Definition smooth_on X (L : R) (f : 'rV[R]_d -> R) (g : 'rV[R]_d -> 'rV[R]_d) :=
  forall u w, X u -> X w -> f w - f u - dotp (g u) (w - u) <= L / 2 * sqnorm (w - u).

Definition pgd_step (proj : 'rV[R]_d -> 'rV[R]_d) (g : 'rV[R]_d -> 'rV[R]_d)
    (L : R) z :=
  proj (z - L^-1 *: g z).

Lemma smooth_le_young X (L alpha : R) f g xs y : 0 < alpha ->
  smooth_on X L f g -> X xs -> X y ->
  f y <= f xs + (2 * alpha)^-1 * sqnorm (g xs) + (L + alpha) / 2 * sqnorm (y - xs).
Proof.
move=> alpha_gt0 smooth Xxs Xy.
have := smooth _ _ Xxs Xy; have := dotp_le_young (g xs) (y - xs) alpha_gt0.
lra.
Qed.

Lemma convex_set_comb X u w (s : R) : convex_set X -> X u -> X w ->
  0 <= s -> s <= 1 -> X (s *: u + (1 - s) *: w).
Proof. by move=> cX Xu Xw s0 s1; have := cX u w (Itv01 s0 s1); rewrite !inE; apply. Qed.

Lemma is_proj_obtuse X proj y z : convex_set X -> is_proj X proj -> X z ->
  dotp (y - proj y) (z - proj y) <= 0.
Proof.
move=> cX hP Xz; have [Xq q_min] := hP y.
set q := proj y in Xq q_min *.
set a := dotp (y - q) (z - q); set b := sqnorm (z - q).
have b_ge0 : 0 <= b by apply: sqnorm_ge0.
rewrite leNgt; apply/negP => a_gt0.
have ab_gt0 : 0 < a + b by rewrite ltr_wpDr.
(* moving [q] towards [z] by the step [s] lowers the distance to [y] *)
set s := a / (a + b).
have s_ge0 : 0 <= s by rewrite divr_ge0 ?ltW.
have s_le1 : s <= 1 by rewrite ler_pdivrMr // mul1r lerDl.
have := q_min _ (convex_set_comb cX Xz Xq s_ge0 s_le1).
have -> : y - (s *: z + (1 - s) *: q) = (y - q) - s *: (z - q).
  by apply/matrixP => i j; rewrite !mxE; ring.
rewrite [sqnorm (_ - s *: _)]sqnormB dotpZr sqnormZ -/a -/b.
have hs : s * (a + b) = a by rewrite mulfVK // gt_eqF.
nra.
Qed.

Lemma argmin_dotp_ge0 X (L : R) f g xs w : convex_set X -> 0 <= L ->
  smooth_on X L f g -> is_argmin X f xs -> X w -> 0 <= dotp (g xs) (w - xs).
Proof.
move=> cX L_ge0 smooth [Xxs xs_min] Xw.
set a := dotp (g xs) (w - xs); set b := sqnorm (w - xs).
have b_ge0 : 0 <= b by apply: sqnorm_ge0.
rewrite leNgt; apply/negP => a_lt0.
have den_gt0 : 0 < - a + L * b by rewrite ltr_wpDr ?mulr_ge0 // oppr_gt0.
(* a small step from [xs] towards [w] would decrease [f] below its minimum *)
set s := - a / (- a + L * b).
have s_gt0 : 0 < s by rewrite divr_gt0 // oppr_gt0.
have s_le1 : s <= 1 by rewrite ler_pdivrMr // mul1r lerDl mulr_ge0.
have Xy := convex_set_comb cX Xw Xxs (ltW s_gt0) s_le1.
have := smooth _ _ Xxs Xy; have := xs_min _ Xy.
have -> : s *: w + (1 - s) *: xs - xs = s *: (w - xs).
  by apply/matrixP => i j; rewrite !mxE; ring.
rewrite dotpZr sqnormZ -/a -/b.
have hs : s * (- a + L * b) = - a by rewrite mulfVK // gt_eqF.
nra.
Qed.

Lemma pgd_step_contract X mu L f g proj xs z : convex_set X ->
  0 < mu -> mu <= L -> is_proj X proj ->
  strongly_convex_on X mu f g -> smooth_on X L f g -> is_argmin X f xs -> X z ->
  (L + mu) * sqnorm (pgd_step proj g L z - xs) <= (L - mu) * sqnorm (z - xs).
Proof.
move=> cX mu_gt0 mu_le_L hP sconv smooth hxs Xz.
have L_gt0 : 0 < L by apply: lt_le_trans mu_le_L.
have Xxs := hxs.1.
set zp := pgd_step proj g L z.
have Xzp : X zp by have [] := hP (z - L^-1 *: g z).
have first_order := argmin_dotp_ge0 cX (ltW L_gt0) smooth hxs Xzp.
have sc_z := sconv _ _ Xz Xxs.
have sc_xs := sconv _ _ Xxs Xzp.
have sm_z := smooth _ _ Xz Xzp.
have obtuse := is_proj_obtuse (z - L^-1 *: g z) cX hP Xxs.
rewrite -/zp in obtuse.
set u := z - xs in sc_z sm_z obtuse *; set p := zp - xs in first_order sc_xs sm_z obtuse *.
have xs_z : xs - z = - u by rewrite opprB.
have zp_z : zp - z = p - u by rewrite opprB addrA subrK.
have xs_zp : xs - zp = - p by rewrite opprB.
have y_zp : z - L^-1 *: g z - zp = (u - p) - L^-1 *: g z.
  by apply/matrixP => i j; rewrite !mxE; ring.
rewrite xs_z in sc_z; rewrite zp_z in sm_z; rewrite xs_zp y_zp in obtuse.
have proj_bound : dotp (g z) p <= L * dotp u p - L * sqnorm p.
  move: obtuse; rewrite dotpNr dotpBl dotpZl dotpBl (dotpC (g z)) -mulrBr.
  rewrite oppr_le0 subr_ge0 -(ler_pM2l L_gt0) mulrA mulfV ?gt_eqF // mul1r.
  by rewrite mulrBr.
rewrite sqnormN dotpNr in sc_z; rewrite dotpBr sqnormB (dotpC p u) in sm_z.
lra.
Qed.

End ConvexOptimization.

Section ContractionRate.
Variables (R : realType) (d : nat).
Implicit Types (X : set 'rV[R]_d) (y : 'rV[R]_d).

Lemma pgd_iter_in X proj g (L : R) k y : is_proj X proj -> X y ->
  X (iter k (pgd_step proj g L) y).
Proof. by move=> hP Xy; case: k => [|k] //=; apply: (hP _).1. Qed.

Lemma pgd_iter_contract X mu L f g proj xs k y : convex_set X ->
  0 < mu -> mu <= L -> is_proj X proj ->
  strongly_convex_on X mu f g -> smooth_on X L f g -> is_argmin X f xs -> X y ->
  sqnorm (iter k (pgd_step proj g L) y - xs)
    <= ((L - mu) / (L + mu)) ^+ k * sqnorm (y - xs).
Proof.
move=> cX mu_gt0 mu_le_L hP sconv smooth hxs Xy.
have Lmu_gt0 : 0 < L + mu by rewrite addr_gt0 // (lt_le_trans mu_gt0).
have c_ge0 : 0 <= (L - mu) / (L + mu) by rewrite divr_ge0 ?subr_ge0 // ltW.
elim: k => [|k IH]; first by rewrite expr0 mul1r.
have Xk : X (iter k (pgd_step proj g L) y) by apply: pgd_iter_in.
rewrite iterS exprS -mulrA.
apply: le_trans (_ : _ <= (L - mu) / (L + mu) * sqnorm (iter k (pgd_step proj g L) y - xs)) _.
  rewrite mulrAC ler_pdivlMr // mulrC.
  exact: (pgd_step_contract cX mu_gt0 mu_le_L hP sconv smooth hxs Xk).
by rewrite ler_wpM2l.
Qed.

Lemma exprn_le_expR (c : R) n : 0 <= c -> c ^+ n <= expR (- (n%:R * (1 - c))).
Proof.
move=> c_ge0; rewrite -mulrN opprB expRM_natl lerXn2r ?nnegrE ?expR_ge0 //.
by have := expR_ge1Dx (c - 1); rewrite addrC subrK.
Qed.

Lemma contraction_pow_ceil_le (mu L : R) : 0 < mu -> mu <= L ->
  ((L - mu) / (L + mu)) ^+ `|Num.ceil ((L + mu) / (2 * mu) * ln 4)|%N <= 4^-1.
Proof.
move=> mu_gt0 mu_le_L.
have Lmu_gt0 : 0 < L + mu by rewrite addr_gt0 // (lt_le_trans mu_gt0).
set r := (L + mu) / (2 * mu) * ln 4; set K := `|Num.ceil r|%N.
have ln4_gt0 : 0 < ln (4 : R) by rewrite ln_gt0 // ltr1n.
have r_gt0 : 0 < r by rewrite mulr_gt0 // divr_gt0 // mulr_gt0.
have r_le_K : r <= K%:R.
  by rewrite natr_absz ger0_norm ?ceil_ge // ceil_ge0 (lt_trans _ r_gt0) ?ltrN10.
have one_minus_c : 1 - (L - mu) / (L + mu) = 2 * mu / (L + mu).
  by field; rewrite gt_eqF.
have ln4_le : ln 4 <= K%:R * (1 - (L - mu) / (L + mu)).
  have -> : ln (4 : R) = r * (2 * mu / (L + mu)).
    by rewrite /r; field; rewrite !gt_eqF // mulr_gt0.
  by rewrite one_minus_c ler_wpM2r // ltW // divr_gt0 // mulr_gt0.
apply: le_trans (exprn_le_expR _ _) _; first by rewrite divr_ge0 ?subr_ge0 // ltW.
apply: le_trans (_ : expR (- ln 4) <= _); first by rewrite ler_expR lerN2.
by rewrite expRN lnK // posrE.
Qed.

- - -

__The task__
Once you reach the line containing "set a := dotp (g", include it and stop; until then, reproduce each line of the listing from its start exactly.

__Solved problem__
Definition smooth_on X (L : R) (f : 'rV[R]_d -> R) (g : 'rV[R]_d -> 'rV[R]_d) :=
  forall u w, X u -> X w -> f w - f u - dotp (g u) (w - u) <= L / 2 * sqnorm (w - u).

Definition pgd_step (proj : 'rV[R]_d -> 'rV[R]_d) (g : 'rV[R]_d -> 'rV[R]_d)
    (L : R) z :=
  proj (z - L^-1 *: g z).

Lemma smooth_le_young X (L alpha : R) f g xs y : 0 < alpha ->
  smooth_on X L f g -> X xs -> X y ->
  f y <= f xs + (2 * alpha)^-1 * sqnorm (g xs) + (L + alpha) / 2 * sqnorm (y - xs).
Proof.
move=> alpha_gt0 smooth Xxs Xy.
have := smooth _ _ Xxs Xy; have := dotp_le_young (g xs) (y - xs) alpha_gt0.
lra.
Qed.

Lemma convex_set_comb X u w (s : R) : convex_set X -> X u -> X w ->
  0 <= s -> s <= 1 -> X (s *: u + (1 - s) *: w).
Proof. by move=> cX Xu Xw s0 s1; have := cX u w (Itv01 s0 s1); rewrite !inE; apply. Qed.

Lemma is_proj_obtuse X proj y z : convex_set X -> is_proj X proj -> X z ->
  dotp (y - proj y) (z - proj y) <= 0.
Proof.
move=> cX hP Xz; have [Xq q_min] := hP y.
set q := proj y in Xq q_min *.
set a := dotp (y - q) (z - q); set b := sqnorm (z - q).
have b_ge0 : 0 <= b by apply: sqnorm_ge0.
rewrite leNgt; apply/negP => a_gt0.
have ab_gt0 : 0 < a + b by rewrite ltr_wpDr.
(* moving [q] towards [z] by the step [s] lowers the distance to [y] *)
set s := a / (a + b).
have s_ge0 : 0 <= s by rewrite divr_ge0 ?ltW.
have s_le1 : s <= 1 by rewrite ler_pdivrMr // mul1r lerDl.
have := q_min _ (convex_set_comb cX Xz Xq s_ge0 s_le1).
have -> : y - (s *: z + (1 - s) *: q) = (y - q) - s *: (z - q).
  by apply/matrixP => i j; rewrite !mxE; ring.
rewrite [sqnorm (_ - s *: _)]sqnormB dotpZr sqnormZ -/a -/b.
have hs : s * (a + b) = a by rewrite mulfVK // gt_eqF.
nra.
Qed.

Lemma argmin_dotp_ge0 X (L : R) f g xs w : convex_set X -> 0 <= L ->
  smooth_on X L f g -> is_argmin X f xs -> X w -> 0 <= dotp (g xs) (w - xs).
Proof.
move=> cX L_ge0 smooth [Xxs xs_min] Xw.
set a := dotp (g xs) (w - xs); set b := sqnorm (w - xs).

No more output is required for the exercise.